I have a DataFrame
of user ratings (from 1 to 5) relative to movies. In order to get the DataFrame
where the first column is movie id and the rest columns are the ratings for that movie by each user, I do the following:
val ratingsPerMovieDF = imdbRatingsDF
.groupBy("imdbId")
.pivot("userId")
.max("rating")
Now, here I get a DataFrame
where most of the values are null
due to the fact that most users have rated only few movies.
I'm interested in calculating similarities between those movies (item-based collaborative filtering).

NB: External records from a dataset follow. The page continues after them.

(* Let $\mathbf Q\in\mathbb R^{m\times d}$, $\mathbf K,\mathbf V\in\mathbb R^{n\times d}$ and $\beta>0$, and let $\mathbf A$, $\mathbf D$, $\mathbf O$ be as in the context. Let $\widehat{\mathbf A}\in\mathbb R^{m\times n}$ be any approximation to $\mathbf A$, let $\widehat{\mathbf D}=\mathrm{diag}(\widehat{\mathbf A}\mathbf 1_n)$, and let $\widehat{\mathbf O}\defeq\mathrm{clip}(\widehat{\mathbf D}^{-1}\widehat{\mathbf A}\mathbf V,\mathbf v_{\min},\mathbf v_{\max})$, where $(\mathbf v_{\min})_j=\min_{l\in[n]}\mathbf V_{lj}$ and $(\mathbf v_{\max})_j=\max_{l\in[n]}\mathbf V_{lj}$. Then $$\|\mathbf O-\widehat{\mathbf O}\|_{\max}\le \|\mathbf V\|_{\max}\,\min\left(\frac{\frac{3}{\sqrt n}\|\mathbf A-\widehat{\mathbf A}\|_{2,\infty}}{\min_{i\in[m],j\in[n]}\mathbf A_{ij}},\,2\right).$$
   Context: Queries $\mathbf Q\in\mathbb R^{m\times d}$ have rows $\mathbf q_1,\dots,\mathbf q_m$; keys $\mathbf K\in\mathbb R^{n\times d}$ have rows $\mathbf k_1,\dots,\mathbf k_n$; values $\mathbf V\in\mathbb R^{n\times d}$ have rows $\mathbf v_1,\dots,\mathbf v_n$. The attention matrix is $\mathbf A\in\mathbb R^{m\times n}$ with $\mathbf A_{il}=\exp(\beta\langle\mathbf q_i,\mathbf k_l\rangle)$, $\mathbf D=\mathrm{diag}(\mathbf A\mathbf 1_n)$, and the softmax matrix is $\mathbf O=\mathbf D^{-1}\mathbf A\mathbf V$. $\mathrm{clip}(\mathbf M,\mathbf a,\mathbf b)$ clips each entry $\mathbf M_{ij}$ to the interval $[\mathbf a_j,\mathbf b_j]$. Norms: $\|\mathbf M\|_{\max}=\max_{i,j}|\mathbf M_{ij}|$ and $\|\mathbf M\|_{2,\infty}=\max_i\|\mathbf M_{i,:}\|_2$ (maximal Euclidean row norm). *)

From HB Require Import structures.
From mathcomp Require Import all_boot all_order all_algebra.
From mathcomp Require Import all_boot all_order all_algebra.
From mathcomp Require Import all_classical all_reals all_analysis.
Set Implicit Arguments. Unset Strict Implicit. Unset Printing Implicit Defensive.
Import Order.TTheory GRing.Theory Num.Theory.
Local Open Scope ring_scope.

Section Defs.
Variable R : realType.

Definition attn (m n d : nat) (beta : R) (Q : 'M[R]_(m, d)) (K : 'M[R]_(n, d))
  : 'M[R]_(m, n) :=
  \matrix_(i, l) expR (beta * \sum_(k < d) Q i k * K l k).

Definition rowsum_diag (m n : nat) (M : 'M[R]_(m, n)) : 'M[R]_m :=
  diag_mx (\row_(i < m) \sum_(l < n) M i l).

Definition clip (m d : nat) (M : 'M[R]_(m, d)) (a b : 'rV[R]_d) : 'M[R]_(m, d) :=
  \matrix_(i, j) Num.min (Num.max (M i j) (a 0 j)) (b 0 j).

Definition colmin (n d : nat) (V : 'M[R]_(n.+1, d)) : 'rV[R]_d :=
  \row_j \big[Num.min/ V ord0 j]_(l < n.+1) V l j.
Definition colmax (n d : nat) (V : 'M[R]_(n.+1, d)) : 'rV[R]_d :=
  \row_j \big[Num.max/ V ord0 j]_(l < n.+1) V l j.

Definition minentry (m n : nat) (M : 'M[R]_(m.+1, n.+1)) : R :=
  \big[Num.min/ M ord0 ord0]_(i < m.+1) \big[Num.min/ M ord0 ord0]_(j < n.+1) M i j.

Definition maxnorm (m n : nat) (M : 'M[R]_(m, n)) : R :=
  \big[Num.max/0]_(i < m) \big[Num.max/0]_(j < n) `|M i j|.

Definition norm2inf (m n : nat) (M : 'M[R]_(m, n)) : R :=
  \big[Num.max/0]_(i < m) Num.sqrt (\sum_(j < n) M i j ^+ 2).

End Defs.

(* Each row of O averages the values V_lj with positive weights A_il, so O and
   the clipped estimate both lie in the box [v_min, v_max]: this is the bound
   2 ||V||_max.  For one row, with e = A_i - Ahat_i, the unclipped estimate x
   satisfies (x - o) * sum Ahat_i = sum_l e_l (o - V_lj); splitting e into its
   positive and negative parts bounds the right-hand side by the distances from
   o to the two ends of the box, and clipping absorbs the small denominator
   sum Ahat_i = sum A_i - sum e.  The result is
   |o - clip x| <= (v_max - v_min) ||e||_1 / sum A_i, and
   ||e||_1 <= sqrt n ||e||_2, sum A_i >= n min A give the claim (even with the
   constant 2 in place of 3). *)

From HB Require Import structures.
From mathcomp Require Import all_boot all_order all_algebra.
From mathcomp Require Import all_classical all_reals all_analysis.
From mathcomp Require Import ring lra.
Set Implicit Arguments. Unset Strict Implicit. Unset Printing Implicit Defensive.
Import Order.TTheory GRing.Theory Num.Theory.
Local Open Scope ring_scope.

I was trying to assemble a RowMatrix
(for further similarities calculations using mllib) using the rating columns values. However, I don't know how to deal with null
values.
The following code where I try to get a Vector for each row:
val assembler = new VectorAssembler()
.setInputCols(movieRatingsDF.columns.drop("imdbId"))
.setOutputCol("ratings")
val ratingsDF = assembler.transform(movieRatingsDF).select("imdbId", "ratings")
Gives me an error:
Caused by: org.apache.spark.SparkException: Values to assemble cannot be null.
I could substitute them with 0s using .na.fill(0)

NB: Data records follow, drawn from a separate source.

Lemma posdef_invmx n (M : 'M[R]_n) : posdef M -> posdef (invmx M).
Proof.
move=> Mpd; have Mu := posdef_unitmx Mpd; case: Mpd => MT Mpos.
have MiT : (invmx M)^T = invmx M by rewrite trmx_inv MT.
split=> // v v_neq0; change (0 < qform (invmx M) v).
have -> : invmx M = (invmx M)^T *m M *m invmx M by rewrite MiT mulVmx ?mul1mx.
rewrite qform_mulmx; apply: Mpos.
by apply: contra v_neq0 => /eqP Mv0; rewrite -[v](mulKVmx Mu) Mv0 mulmx0.
Qed.

Lemma possemidef_congr m n (M : 'M[R]_n) (P : 'M[R]_(n, m)) :
  posdef M -> possemidef (P^T *m M *m P).
Proof.
case=> MT Mpos; split; first by rewrite !trmx_mul trmxK MT mulmxA.
move=> v; rewrite qform_mulmx; have [->|Pv_neq0] := eqVneq (P *m v) 0.
  by rewrite /qform mulmx0 mxE.
exact/ltW/Mpos.
Qed.

End PositiveDefinite.

Section SchurComplement.
Variables (R : rcfType) (n1 n2 : nat).
Implicit Type M : 'M[R]_(n1 + n2).

Definition schur M : 'M[R]_n1 :=
  ulsubmx M - ursubmx M *m invmx (drsubmx M) *m dlsubmx M.

Lemma det_schur M :
  drsubmx M \in unitmx -> \det M = \det (drsubmx M) * \det (schur M).
Proof.
move=> d_unit; rewrite -[M in LHS]submxK.
have -> : block_mx (ulsubmx M) (ursubmx M) (dlsubmx M) (drsubmx M) =
    block_mx 1%:M (ursubmx M *m invmx (drsubmx M)) 0 1%:M *m
    block_mx (schur M) 0 (dlsubmx M) (drsubmx M).
  rewrite mulmx_block !mul1mx !mul0mx ?mulmx0 ?add0r ?addr0 -!mulmxA mulVmx //.
  by rewrite mulmx1 mulmxA /schur subrK.
by rewrite det_mulmx det_ublock det_lblock !det1 !mul1r mulrC.
Qed.

Lemma ulsubmx_invmx M : M \in unitmx -> drsubmx M \in unitmx ->
  ulsubmx (invmx M) = invmx (schur M).
Proof.
move=> M_unit d_unit; have invM_M := mulVmx M_unit.
rewrite -[invmx M]submxK -[M in _ *m M]submxK mulmx_block scalar_mx_block in invM_M.
case/eq_block_mx: invM_M => inv_ul inv_ur _ _.
have ur_inv : ursubmx (invmx M) = - (ulsubmx (invmx M) *m ursubmx M *m invmx (drsubmx M)).
  rewrite -[LHS](mulmxK d_unit) -mulNmx; congr (_ *m _).
  by apply/eqP; rewrite -addr_eq0 addrC inv_ur.
have ul_schur : ulsubmx (invmx M) *m schur M = 1%:M.
  by rewrite /schur mulmxBr !mulmxA -inv_ul ur_inv mulNmx.
have [_ S_unit] := mulmx1_unit ul_schur.
by rewrite -[LHS](mulmxK S_unit) ul_schur mul1mx.
Qed.
(* Let $(C,D)$ and $(C,D')$ be two multifactorizations of $w$ on the same underlying $R$-module $C$, supported in finitely many filtration gradings, with $D=\sum_i d_i$, $D'=\sum_i d_i'$, and suppose $d_i=d_i'$ for all $i<n$ (some $n\ge1$). Then $d_n-d_n'$ is a chain map of matrix factorizations $(C,d_0)\to(C,d_0)\{-k\}$. If moreover this chain map is $0$-homotopic to the zero map, then there is a differential $D''=\sum_i d_i''$ on $C$ such that $(C,D'')$ is a multifactorization of $w$ isomorphic to $(C,D')$ and $d_i''=d_i$ for all $i<n+1$.
   Context: All rings and modules are bigraded by an internal grading and a filtration grading. For a module $M$, $M\{i,j\}$ denotes $M$ with gradings shifted so that an element of bidegree $(a,b)$ in $M$ has bidegree $(a+i,b+j)$ in $M\{i,j\}$, $M\{i\}=M\{i,0\}$; a shift by an odd internal amount negates the differential (Koszul sign rule using the internal grading). Fix a ring $R$ and homogeneous $w\in R$ of bidegree $(2k,0)$, $k$ odd. A matrix factorization of $w$ is an $R$-module with $R$-linear $d$ of bidegree $(k,0)$, $d^2=w$. A multifactorization of $w$ is an $R$-module $C$ with $R$-linear maps $d_i:C\to C$ ($i\ge0$) homogeneous of bidegree $(k,i)$ such that $D=\sum_id_i$ satisfies $D^2=w$; $(C,d_0)$ is its vertical factorization. A chain map $F:(C,D)\to(C',D')$ is $F=\sum_{i\ge0}f_i$, $f_i$ $R$-linear of bidegree $(0,i)$, with $FD=D'F$; an isomorphism of multifactorizations is an invertible chain map. For an integer $m$, an $m$-homotopy between chain maps $F,G$ is $H=\sum_{i\ge-m}h_i$ with $h_i$ of bidegree $(-k,i)$ and $F-G=HD+D'H$ (for matrix factorizations of the vertical kind, only the $d_0$ differentials enter). *)

From HB Require Import structures.
From mathcomp Require Import all_boot all_order all_algebra.
Set Implicit Arguments. Unset Strict Implicit. Unset Printing Implicit Defensive.
Import Order.TTheory GRing.Theory Num.Theory.
Local Open Scope ring_scope.

(* A bigrading of an abelian group V: G a b x  <=>  x is homogeneous of
   bidegree (a,b) (a = internal grading, b = filtration grading).
   V is the internal direct sum of the G a b. *)
Definition graded_by (V : zmodType) (G : int -> int -> V -> bool) : Prop :=
  [/\ (forall a b, G a b 0),
      (forall a b x y, G a b x -> G a b y -> G a b (x - y)),
      (forall x : V, exists s : seq ((int * int) * V),
          [/\ uniq (map fst s), (forall p, p \in s -> G p.1.1 p.1.2 p.2)
            & x = \sum_(p <- s) p.2])
    & (forall s : seq ((int * int) * V),
          uniq (map fst s) -> (forall p, p \in s -> G p.1.1 p.1.2 p.2) ->
          \sum_(p <- s) p.2 = 0 -> forall p, p \in s -> p.2 = 0)].

Definition bigraded_ring (R : pzRingType) (RG : int -> int -> R -> bool) : Prop :=
  [/\ graded_by RG, RG 0 0 1
    & forall a b c e (r s : R), RG a b r -> RG c e s -> RG (a + c) (b + e) (r * s)].

Definition bigraded_module (R : pzRingType) (RG : int -> int -> R -> bool)
  (C : lmodType R) (CG : int -> int -> C -> bool) : Prop :=
  graded_by CG /\
  forall a b c e (r : R) (x : C), RG a b r -> CG c e x -> CG (a + c) (b + e) (r *: x).

(* grading of M{i,j}: an element of bidegree (a,b) in M has bidegree
   (a+i,b+j) in M{i,j} *)
Definition shiftG (R : pzRingType) (C : lmodType R) (CG : int -> int -> C -> bool)
  (i j : int) : int -> int -> C -> bool := fun a b => CG (a - i) (b - j).

(* Koszul sign rule: a shift by an odd internal amount negates the differential *)
Definition shift_fam (R : pzRingType) (C : lmodType R) (i : int)
  (d : nat -> C -> C) : nat -> C -> C :=
  fun n x => if odd `|i|%N then - d n x else d n x.

Definition fin_support (R : pzRingType) (C : lmodType R)
  (CG : int -> int -> C -> bool) : Prop :=
  exists lo hi : int, forall a b (x : C), CG a b x -> x != 0 -> lo <= b <= hi.

Definition hmap (R : pzRingType) (C : lmodType R) (G G' : int -> int -> C -> bool)
  (p q : int) (f : C -> C) : Prop :=
  (forall (r : R) (x y : C), f (r *: x + y) = r *: f x + f y) /\
  (forall a b x, G a b x -> G' (a + p) (b + q) (f x)).

Definition fin_fam (R : pzRingType) (C : lmodType R) (f : nat -> C -> C) (N : nat) : Prop :=
  forall i x, (N <= i)%N -> f i x = 0.

Definition fsum (R : pzRingType) (C : lmodType R) (f : nat -> C -> C) (N : nat) (x : C) : C :=
  \sum_(i < N) f i x.

Definition multifact (R : pzRingType) (C : lmodType R) (CG : int -> int -> C -> bool)
  (k : int) (w : R) (d : nat -> C -> C) : Prop :=
  (forall i : nat, hmap CG CG k i (d i)) /\
  exists N, fin_fam d N /\ forall x, fsum d N (fsum d N x) = w *: x.

(* a matrix factorization d0, viewed as a multifactorization with d_i = 0, i > 0 *)
Definition mf_fam (R : pzRingType) (C : lmodType R) (d0 : C -> C) : nat -> C -> C :=
  fun i => if i == 0%N then d0 else (fun _ => 0).

Definition single (R : pzRingType) (C : lmodType R) (n : nat) (g : C -> C) : nat -> C -> C :=
  fun i => if i == n then g else (fun _ => 0).

Definition chain_map (R : pzRingType) (C : lmodType R) (G G' : int -> int -> C -> bool)
  (d d' f : nat -> C -> C) : Prop :=
  (forall i : nat, hmap G G' 0 i (f i)) /\
  exists N, [/\ fin_fam f N, fin_fam d N, fin_fam d' N &
    forall x, fsum f N (fsum d N x) = fsum d' N (fsum f N x)].

Definition mfact_iso (R : pzRingType) (C : lmodType R) (G G' : int -> int -> C -> bool)
  (d d' : nat -> C -> C) : Prop :=
  exists f g : nat -> C -> C,
    [/\ chain_map G G' d d' f, chain_map G' G d' d g &
      exists N, [/\ fin_fam f N, fin_fam g N &
        forall x, fsum g N (fsum f N x) = x /\ fsum f N (fsum g N x) = x]].

(* m-homotopy with m = 0: H = \sum_{i >= 0} h_i, h_i of bidegree (-k,i),
   F - G = H D + D' H *)
Definition homotopic0 (R : pzRingType) (C : lmodType R) (G G' : int -> int -> C -> bool)
  (k : int) (d d' f g : nat -> C -> C) : Prop :=
  exists h : nat -> C -> C,
    (forall i : nat, hmap G G' (- k) i (h i)) /\
    exists N, [/\ fin_fam h N, fin_fam f N, fin_fam g N, fin_fam d N & fin_fam d' N] /\
      forall x, fsum f N x - fsum g N x = fsum h N (fsum d N x) + fsum d' N (fsum h N x).

From HB Require Import structures.
From mathcomp Require Import all_boot all_order all_algebra.
From mathcomp Require Import zify ring.
From Stdlib Require Import FunctionalExtensionality.
Import Order.TTheory GRing.Theory Num.Theory.
Local Open Scope ring_scope.

Set Implicit Arguments. Unset Strict Implicit. Unset Printing Implicit Defensive.

(* Let D = \sum_i d_i and D' = \sum_i d'_i be multifactorizations of w on the
   same bigraded module C with d_i = d'_i for i < n, n >= 1.  Since D^2 = w has
   filtration degree 0, every component of positive filtration degree of D^2
   vanishes; comparing the degree-n components of D^2 and D'^2 shows that
   d_n - d'_n anticommutes with d_0, i.e. it is a chain map
   (C, d_0) -> (C, d_0){-k}.  A 0-homotopy from it to 0 provides, in its
   degree-n component, a map phi of bidegree (0, n) with
   d_n - d'_n = phi d_0 - d_0 phi.  As C is supported in finitely many
   filtration degrees, phi is nilpotent, so F = 1 - phi is invertible with
   inverse G = \sum_m phi^m, and D'' = G D' F is a multifactorization
   isomorphic to D' (via F and G) whose components below degree n are those
   of D' and whose degree-n component is d'_n + phi d'_0 - d'_0 phi = d_n. *)

Section LinearMaps.
Variables (R : pzRingType) (C : lmodType R).
Implicit Types (f g : C -> C).

Definition lin f : Prop := forall (r : R) (x y : C), f (r *: x + y) = r *: f x + f y.

Lemma linD f : lin f -> {morph f : x y / x + y}.
Proof. by move=> lf x y; have := lf 1 x y; rewrite !scale1r. Qed.

Lemma lin0 f : lin f -> f 0 = 0.
Proof. by move=> lf; apply: (@addrI _ (f 0)); rewrite -linD // !addr0. Qed.

Lemma linZ f : lin f -> forall r x, f (r *: x) = r *: f x.
Proof. by move=> lf r x; have := lf r x 0; rewrite !addr0 lin0 // addr0. Qed.

Lemma linN f : lin f -> forall x, f (- x) = - f x.
Proof. by move=> lf x; rewrite -scaleN1r linZ // scaleN1r. Qed.

Lemma linB f : lin f -> forall x y, f (x - y) = f x - f y.
Proof. by move=> lf x y; rewrite linD // linN. Qed.

Lemma lin_sum f (I : Type) (s : seq I) (P : pred I) (F : I -> C) :
  lin f -> f (\sum_(i <- s | P i) F i) = \sum_(i <- s | P i) f (F i).
Proof. by move=> lf; apply: big_morph; [exact: linD | exact: lin0]. Qed.

Lemma lin_zero : lin (fun _ => 0).
Proof. by move=> r x y; rewrite scaler0 addr0. Qed.

Lemma lin_comp f g : lin f -> lin g -> lin (fun x => f (g x)).
Proof. by move=> lf lg r x y; rewrite lg lf. Qed.

Lemma lin_opp f : lin f -> lin (fun x => - f x).
Proof. by move=> lf r x y; rewrite lf opprD scalerN. Qed.

Lemma lin_sub f g : lin f -> lin g -> lin (fun x => f x - g x).
Proof. by move=> lf lg r x y; rewrite lf lg scalerBr opprD addrACA. Qed.

Lemma lin_big (I : Type) (s : seq I) (P : pred I) (F : I -> C -> C) :
  (forall i, lin (F i)) -> lin (fun x => \sum_(i <- s | P i) F i x).
Proof.
move=> lF r x y; rewrite scaler_sumr -big_split /=.
by apply: eq_bigr => i _; rewrite lF.
Qed.

Lemma lin_iter f m : lin f -> lin (iter m f).
Proof. by move=> lf; elim: m => [|m IH] r x y //=; rewrite IH lf. Qed.

End LinearMaps.

Section Grading.
Variables (V : zmodType) (G : int -> int -> V -> bool).
Hypothesis gG : graded_by G.

Lemma gr0 a b : G a b 0.
Proof. by case: gG. Qed.

Lemma grB a b x y : G a b x -> G a b y -> G a b (x - y).
Proof. by case: gG => _ gB _ _; apply: gB. Qed.

Lemma grN a b x : G a b x -> G a b (- x).
Proof. by move=> Gx; rewrite -sub0r; apply: grB => //; apply: gr0. Qed.

Lemma grD a b x y : G a b x -> G a b y -> G a b (x + y).
Proof. by move=> Gx Gy; rewrite -[y]opprK; apply: grB => //; apply: grN. Qed.

Lemma gr_sum (I : Type) (s : seq I) (P : pred I) (F : I -> V) a b :
  (forall i, P i -> G a b (F i)) -> G a b (\sum_(i <- s | P i) F i).
Proof. by move=> GF; apply: (big_ind (G a b)) => //; [apply: gr0 | apply: grD]. Qed.

Lemma gr_ext (W : zmodType) (T : V -> W) :
  {morph T : x y / x + y} -> (forall a b y, G a b y -> T y = 0) ->
  forall x, T x = 0.
Proof.
move=> TD T0 x; case: gG => _ _ decomp _; have [s [_ Gs ->]] := decomp x.
have T00 : T 0 = 0 by apply: (@addrI _ (T 0)); rewrite -TD !addr0.
rewrite (big_morph T TD T00) big_seq; apply: big1 => p ps.
exact: (T0 p.1.1 p.1.2 _ (Gs p ps)).
Qed.

Lemma homogeneous_sum_eq0 (N : nat) (u : nat -> V) (a b : int) :
  (forall i, (i < N)%N -> G a (b + i%:Z) (u i)) -> \sum_(i < N) u i = 0 ->
  forall i, (i < N)%N -> u i = 0.
Proof.
case: gG => _ _ _ direct Gu sum0 i iN.
pose s := [seq ((a, b + (val j)%:Z), u j) | j : 'I_N <- index_enum 'I_N].
apply: (direct s _ _ _ ((a, b + i%:Z), u i)).
- rewrite -map_comp map_inj_uniq ?index_enum_uniq //.
  move=> j1 j2 /= [] /addrI [] ?; exact: val_inj.
- by move=> p /mapP [j _ ->] /=; apply/Gu/ltn_ord.
- by rewrite big_map.
- by apply/mapP; exists (Ordinal iN); rewrite ?mem_index_enum.
Qed.

End Grading.

Section Families.
Variables (R : pzRingType) (C : lmodType R).
Implicit Types (f g e : nat -> C -> C).

Lemma sum_pick (V : zmodType) (K c : nat) (F : nat -> V) :
  \sum_(j < K) (if (j : nat) == c then F j else 0) = if (c < K)%N then F c else 0.
Proof. by rewrite -big_mkcond /= big_ord1_eq. Qed.

Lemma fin_fam_le f A B : fin_fam f A -> (A <= B)%N -> fin_fam f B.
Proof. by move=> fA AB i x iB; apply: fA; apply: leq_trans iB. Qed.

Lemma fsum_widen f A N x : fin_fam f A -> (A <= N)%N -> fsum f N x = fsum f A x.
Proof.
move=> fA AN; rewrite /fsum (big_ord_widen N (fun i => f i x) AN) [RHS]big_mkcond.
by apply: eq_bigr => i _; case: ltnP => // /fA ->.
Qed.

Lemma fsum_single f c N x :
  (forall i y, i != c -> f i y = 0) -> fin_fam f N -> fsum f N x = f c x.
Proof.
move=> fc fN; rewrite /fsum (eq_bigr (fun i : 'I_N => if (i : nat) == c then f c x else 0)).
  by rewrite (sum_pick N c (fun _ => f c x)); case: ltnP => // cN; rewrite fN.
by move=> i _; case: eqP => [-> | /eqP]; last exact: fc.
Qed.

(* Convolution of families: the components of the composite of \sum_i f_i
   and \sum_j g_j, graded by the total filtration degree. *)
Definition conv f g : nat -> C -> C :=
  fun i x => \sum_(j < i.+1) f j (g (i - j)%N x).

Lemma conv_lin f g i :
  (forall j, lin (f j)) -> (forall j, lin (g j)) -> lin (conv f g i).
Proof.
move=> lf lg; apply: (@lin_big _ _ _ _ _ (fun (j : 'I_i.+1) x => f j (g (i - j)%N x))).
by move=> j; apply: lin_comp.
Qed.

Lemma conv_fin f g A B :
  (forall j, lin (f j)) -> fin_fam f A -> fin_fam g B -> fin_fam (conv f g) (A + B).
Proof.
move=> lf fA gB i x iAB; apply: big1 => j _.
have [jA | Aj] := ltnP j A; last by rewrite fA.
by rewrite gB ?lin0 //; have := ltn_ord j; lia.
Qed.

Lemma conv_pairs f g i K x : (i < K)%N ->
  conv f g i x = \sum_(j < K) \sum_(l < K) (if (j + l == i)%N then f j (g l x) else 0).
Proof.
move=> iK; rewrite /conv (big_ord_widen K (fun j => f j (g (i - j)%N x)) iK) big_mkcond.
apply: eq_bigr => j _.
rewrite (eq_bigr (fun l : 'I_K =>
  if (l : nat) == (i - j)%N then (if (j <= i)%N then f j (g l x) else 0) else 0)).
  by rewrite (sum_pick K (i - j) (fun l => if (j <= i)%N then f j (g l x) else 0))
             ltnS (leq_ltn_trans (leq_subr _ _) iK).
move=> l _; case: (leqP j i) => ji.
  by have -> : (j + l == i)%N = ((l : nat) == i - j)%N by apply/eqP/eqP; lia.
have -> : (j + l == i)%N = false by apply/negbTE/eqP; lia.
by case: ifP.
Qed.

but that would produce incorrect correlation results since almost all Vectors would become very similar.
Can anyone suggest what to do in this case? The end goal here is to calculate correlations between rows. I was thinking of using SparseVectors
somehow (to ignore null
values but I don't know how.
I'm new to Spark and Scala so some of this might make little sense. I'm trying to understand things better.